Then, in case the calculated compatibility score is greater than or equal to another predetermined threshold, which may be set in advance by the manufacturer or the user based on experience, the compatibility determination unit 232 will determine that the first medical entity is compatible with the second medical entity.

As described above, the compatibility factor determination unit 231 determines the compatibility factor based on the predetermined rule. However, as an alternative solution, the compatibility factor determination unit 231 may also determine the compatibility factor according to the following steps:

first, the compatibility factor determination unit 231 will also calculate at least one of the above features.

Secondly, the compatibility factor determining unit 231 determines the conflict of semantic values and the conflict of semantic sequences based on a pre-generated model; wherein the pre-generated model comprises at least: a model for features when the first medical entity and the second medical entity are in the same diagnostic state, and a model for features when the first medical entity and the second medical entity are in different diagnostic states. Further, the pre-generated model may be generated in advance by the manufacturer, for example, based on statistical training. Since the operation of determining the compatibility factor based on the pre-generated model is similar to the above-described operation of determining the compatibility factor based on the predetermined rule, a detailed description will not be repeated here.

Returning now to fig. 2, after the compatibility determination unit 230 determines the compatibility between the first medical entity and the second medical entity, the coreference resolution unit 240 will determine whether the first medical entity and the second medical entity represent the same medical object based on the determined compatibility. Further, in case the determined compatibility is compatible, the coreference resolution unit 240 will determine that the first medical entity and the second medical entity represent the same medical object.

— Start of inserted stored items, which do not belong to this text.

(* Let $T$ be a metric tree with uniform branch growth. If $T'$ is a metric space quasisymmetrically homeomorphic to $T$, then $T'$ has uniform branch growth.
   Context: A metric tree is a compact connected locally connected metric space with at least two points where any two points are joined by a unique arc. Branches of $T$ at $p$: components of $T\setminus\{p\}$; $p$ is a branch point if there are at least three. For a branch point label the branches $B^1_T(p),B^2_T(p),\dots$ so that diameters are non-increasing. $T$ has uniform branch growth if there is $C\ge1$ with $\mathrm{diam}B^i_T(p)\ge C^{-1}\mathrm{diam}B^3_T(p)$ for all branch points $p$ and all $i\ge3$. A homeomorphism $f:X\to Y$ is quasisymmetric if there is a homeomorphism $\eta:[0,\infty)\to[0,\infty)$ with $d_Y(f(x),f(a))/d_Y(f(x),f(b))\le\eta(d_X(x,a)/d_X(x,b))$ for all $x,a,b$ with $x\ne b$. *)

From HB Require Import structures.
From mathcomp Require Import all_boot all_order all_algebra.
From mathcomp Require Import all_classical all_reals all_analysis.
Set Implicit Arguments. Unset Strict Implicit. Unset Printing Implicit Defensive.
Import Order.TTheory GRing.Theory Num.Theory.
Import numFieldTopology.Exports.
Local Open Scope classical_set_scope.
Local Open Scope ring_scope.

Section Defs.
Context {R : realType}.

Definition diam {T : metricType R} (A : set T) : R :=
  sup [set d | exists x y, [/\ A x, A y & d = mdist x y]].

Definition locally_connected_space (T : topologicalType) : Prop :=
  forall (x : T) (U : set T), open U -> U x ->
    exists V : set T, [/\ open V, connected V, V x & V `<=` U].

(* A is an arc from x to y: image of [0,1] under a continuous injective map
   sending 0 to x and 1 to y (continuous injections of [0,1] into a metric,
   hence Hausdorff, space are embeddings). *)
Definition is_arc {T : metricType R} (x y : T) (A : set T) : Prop :=
  exists g : R -> T,
    [/\ {within `[0, 1]%classic, continuous g},
        (forall s t, `[0, 1]%classic s -> `[0, 1]%classic t -> g s = g t -> s = t),
        g 0 = x, g 1 = y & A = g @` `[0, 1]].

Definition metric_tree (T : metricType R) : Prop :=
  [/\ compact [set: T], connected [set: T], locally_connected_space T,
      (exists x y : T, x <> y) &
      (forall x y : T, x <> y ->
         (exists A, is_arc x y A) /\
         (forall A B, is_arc x y A -> is_arc x y B -> A = B))].

Definition branches {T : metricType R} (p : T) : set (set T) :=
  [set B | exists x, x <> p /\ B = connected_component (~` [set p]) x].

Definition branch_point {T : metricType R} (p : T) : Prop :=
  exists B1 B2 B3, [/\ branches p B1, branches p B2 & branches p B3] /\
                    [/\ B1 <> B2, B1 <> B3 & B2 <> B3].

Definition lab_index (N : option nat) (i : nat) : Prop :=
  (1 <= i)%N /\ (if N is Some n then (i <= n)%N else True).

Definition branch_labeling {T : metricType R} (p : T) (N : option nat)
    (b : nat -> set T) : Prop :=
  [/\ (forall i, lab_index N i -> branches p (b i)),
      (forall i j, lab_index N i -> lab_index N j -> b i = b j -> i = j),
      (forall B, branches p B -> exists i, lab_index N i /\ b i = B) &
      (forall i j, lab_index N i -> lab_index N j -> (i <= j)%N ->
         diam (b j) <= diam (b i))].

Definition uniform_branch_growth (T : metricType R) : Prop :=
  exists C : R, 1 <= C /\
    forall (p : T), branch_point p ->
    forall N b, branch_labeling p N b ->
    forall i, (3 <= i)%N -> lab_index N i ->
      C^-1 * diam (b 3%N) <= diam (b i).

Definition homeo_nonneg (eta : R -> R) : Prop :=
  exists eta' : R -> R,
    [/\ {within `[0%R, +oo[, continuous eta},
        {within `[0%R, +oo[, continuous eta'} &
        forall t, 0 <= t ->
          [/\ 0 <= eta t, 0 <= eta' t, eta' (eta t) = t & eta (eta' t) = t]].

Definition homeomorphism {X Y : topologicalType} (f : X -> Y) : Prop :=
  exists g : Y -> X, [/\ continuous f, continuous g, cancel f g & cancel g f].

Definition quasisymmetric {X Y : metricType R} (f : X -> Y) : Prop :=
  homeomorphism f /\
  exists eta : R -> R, homeo_nonneg eta /\
    forall x a b : X, x <> b ->
      mdist (f x) (f a) / mdist (f x) (f b) <= eta (mdist x a / mdist x b).

End Defs.

From HB Require Import structures.
From mathcomp Require Import all_boot all_order all_algebra.
From mathcomp Require Import all_classical all_reals all_analysis.
From mathcomp Require Import lra zify.

(* Pull the branches of T' at a branch point p' back to T along the homeomorphism.
   Only finitely many branches of a compact, locally connected tree are larger than any
   given positive size, so the pulled-back branches can be sorted by diameter, and uniform
   branch growth of T shows that in T one of the first three branches of T' is at most C
   times as large as the i-th one.  Since p lies in the closure of every branch at p, the
   quasisymmetric map distorts such a comparison by at most the factor
   2 sup_[0, 4C] eta, and the third branch of T' is no larger than the first three. *)

Set Implicit Arguments. Unset Strict Implicit. Unset Printing Implicit Defensive.
Import Order.TTheory GRing.Theory Num.Theory.
Import numFieldTopology.Exports.
Local Open Scope classical_set_scope.
Local Open Scope ring_scope.

Definition lab_indexb (N : option nat) : pred nat :=
  fun i => (1 <= i)%N && (if N is Some n then (i <= n)%N else true).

Referring to the above examples, as shown in fig. 3, the medical entity "310 and the medical entity" 320 are mutually compatible, the medical entity "310 and the medical entity" 330 are not mutually compatible, the medical entity "310 and the medical entity" 340 are not mutually compatible, and the medical entity "330 and the medical entity" 340 are mutually compatible, so the coreference resolving unit 240 determines that the medical entity "310 and the medical entity" 320 represent one and the same "JI", and the medical entity "330 and the medical entity" 340 represent another and the same "JI".

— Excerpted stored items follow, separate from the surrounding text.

Theorem mainTheorem11 (n : nat) (hn : (1 <= n)%nat) :
  is_rank (2 * n - 1) n n (mu_h n) (2 * n - 1) /\
  is_border_rank (2 * n - 1) n n (mu_h n) (2 * n - 1) /\
  rank_le (2 * n - 1) (2 * n - 1) (n * n) (mu_H n) (n * (2 * n - 1)).
Proof.
  destruct n as [|n]; [inversion hn|].
  rewrite HankelRank.hankel_dim.
  pose proof (HankelRank.mu_h_rank_le n) as upper.
  pose proof (@HankelRank.mu_h_border_rank_ge n) as lower.
  split; [split | split; [split |]].
  - exact upper.
  - intros s Hs. apply lower, HankelRank.rank_le_border_rank_le, Hs.
  - apply HankelRank.rank_le_border_rank_le, upper.
  - exact lower.
  - exact (HankelRank.mu_H_rank_le n).
Qed.
(* Let $q$ be a prime power, $r\mid(q-1)$ with $r\ge 3$, and $q/2\le\ell\le q-1$. The quantum Tamo–Barg code $\mathrm{CSS}(C,C)$ with parameters $q,r,\ell$ is a quantum locally recoverable code with locality $r$.
   Context: $[n]=\{0,\dots,n-1\}$, $\mathbb{F}_q^*=\mathbb{F}_q\setminus\{0\}$. For $S\subseteq\mathbb{Z}_{\ge0}$, $\mathbb{F}_q[X]^S=\{\sum_{i\in S}a_iX^i\}$, $\mathrm{ev}(f)=(f(x))_{x\in\mathbb{F}_q^*}$. Let $S=\{i\in[\ell]:i\not\equiv r-1\pmod r\}\cup\{i\in[q-1]:i\equiv1\pmod r\}$, $C=\mathrm{ev}(\mathbb{F}_q[X]^S)$; for $\ell\ge q/2$, $C^\perp\subseteq C$ and the quantum Tamo–Barg code is $\mathrm{CSS}(C,C)=\mathrm{span}\{\sum_{y\in C^\perp}|x+y\rangle:x\in C\}\subseteq(\mathbb{C}^q)^{\otimes(q-1)}$, with qudits indexed by $\mathbb{F}_q^*$. A quantum code $\mathcal{C}$ on qudit set $Q$ is locally recoverable with locality $r$ if for each $i\in Q$ there is $I_i\subseteq Q$ with $i\in I_i$, $|I_i|\le r$, and a quantum channel $\mathrm{Rec}_i$ from the qudits $I_i\setminus\{i\}$ to the qudits $I_i$ such that $(\mathrm{Rec}_i\otimes\mathrm{id})(\psi_{Q\setminus\{i\}})=\psi$ for every code state $\psi$ (here $\psi_B$ is the reduced density matrix on $B$). *)

From HB Require Import structures.
From mathcomp Require Import all_boot all_order all_algebra all_field.
Set Implicit Arguments. Unset Strict Implicit. Unset Printing Implicit Defensive.
Import Order.TTheory GRing.Theory Num.Theory.
Local Open Scope ring_scope.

As described above, the present invention determines whether two medical entities are co-referred to each other based on compatibility between the two medical entities. Compatibility may be interpreted as a set of features that meet certain constraints (e.g., writing criteria of a medical document) that should not conflict with one another, otherwise the set of features are not compatible with one another. That is, two medical entities are compatible (i.e., they represent the same medical object) without features related to the two medical entities conflicting. Furthermore, since the present invention semantically determines conflicts between features related to two medical entities based on writing criteria of medical documents, it is also possible to accurately process medical entities describing seemingly dissimilar to each other. Therefore, according to the present invention, the accuracy of coreference resolution will be improved.

(bulk treatment)

The overall process performed by the configuration of the first embodiment in fig. 2 will be described with reference to fig. 4. Fig. 4 is a flowchart 400 schematically showing the procedure of the overall process according to the first embodiment in fig. 2.

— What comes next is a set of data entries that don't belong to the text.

(** * Closed subsets of beta S *)

Definition closed_beta (C : family -> Prop) : Prop :=
  (forall p, C p -> ultrafilter S p) /\
  forall p, ultrafilter S p -> ~ C p ->
    exists A, p A /\ forall q, ultrafilter S q -> q A -> ~ C q.

Lemma closed_adherent C p : closed_beta C -> ultrafilter S p ->
  (forall A, sub_S A -> (forall q, C q -> q A) -> p A) -> C p.
Proof.
intros [Cuf Copen] Hp H. apply NNPP; intro N.
destruct (Copen p Hp N) as (A&pA&HA).
set (A' := fun z => S z /\ A z).
assert (pA' : p A') by (apply (uf_mono p A A' Hp pA); [split; auto|intros z [s _]; exact s]).
apply (uf_not_compl p A' Hp pA'), H; [intros z [s _]; exact s|].
intros q Cq. apply uf_compl; [apply Cuf, Cq|intros z [s _]; exact s|].
intro qA'. apply (HA q (Cuf q Cq)); [|exact Cq].
apply (uf_mono q A' A (Cuf q Cq) qA'); [intros z _ [_ a]; exact a|exact (uf_sub_S p A Hp pA)].
Qed.

Lemma closed_inter C1 C2 : closed_beta C1 -> closed_beta C2 ->
  closed_beta (fun p => C1 p /\ C2 p).
Proof.
intros [u1 o1] [u2 o2]. split; [intros p [h _]; auto|].
intros p Hp N. destruct (classic (C1 p)) as [c1|c1].
- assert (c2 : ~ C2 p) by tauto. destruct (o2 p Hp c2) as (A&pA&HA).
  exists A; split; [exact pA|]. intros q Hq qA [_ h]; exact (HA q Hq qA h).
- destruct (o1 p Hp c1) as (A&pA&HA).
  exists A; split; [exact pA|]. intros q Hq qA [h _]; exact (HA q Hq qA h).
Qed.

As described above, first, the input device 150 shown in fig. 1 will receive a medical document input by a user or output from an image acquisition device, wherein the medical document may be a portion of the medical document or the entire medical document. In addition, in the case where the medical document is in an image format, the CPU110 receives the medical document from the input device 150 via the system bus 180, and first converts the medical document from the image format into a text format.

Further, the input device 150 will receive the first medical entity and the second medical entity selected by the user from the medical document or extracted by the CPU110 by using existing text information extraction techniques. Next, the input device 150 transmits the received medical document, the first medical entity, and the second medical entity to the acquisition unit 210 shown in fig. 2 via the system bus 180.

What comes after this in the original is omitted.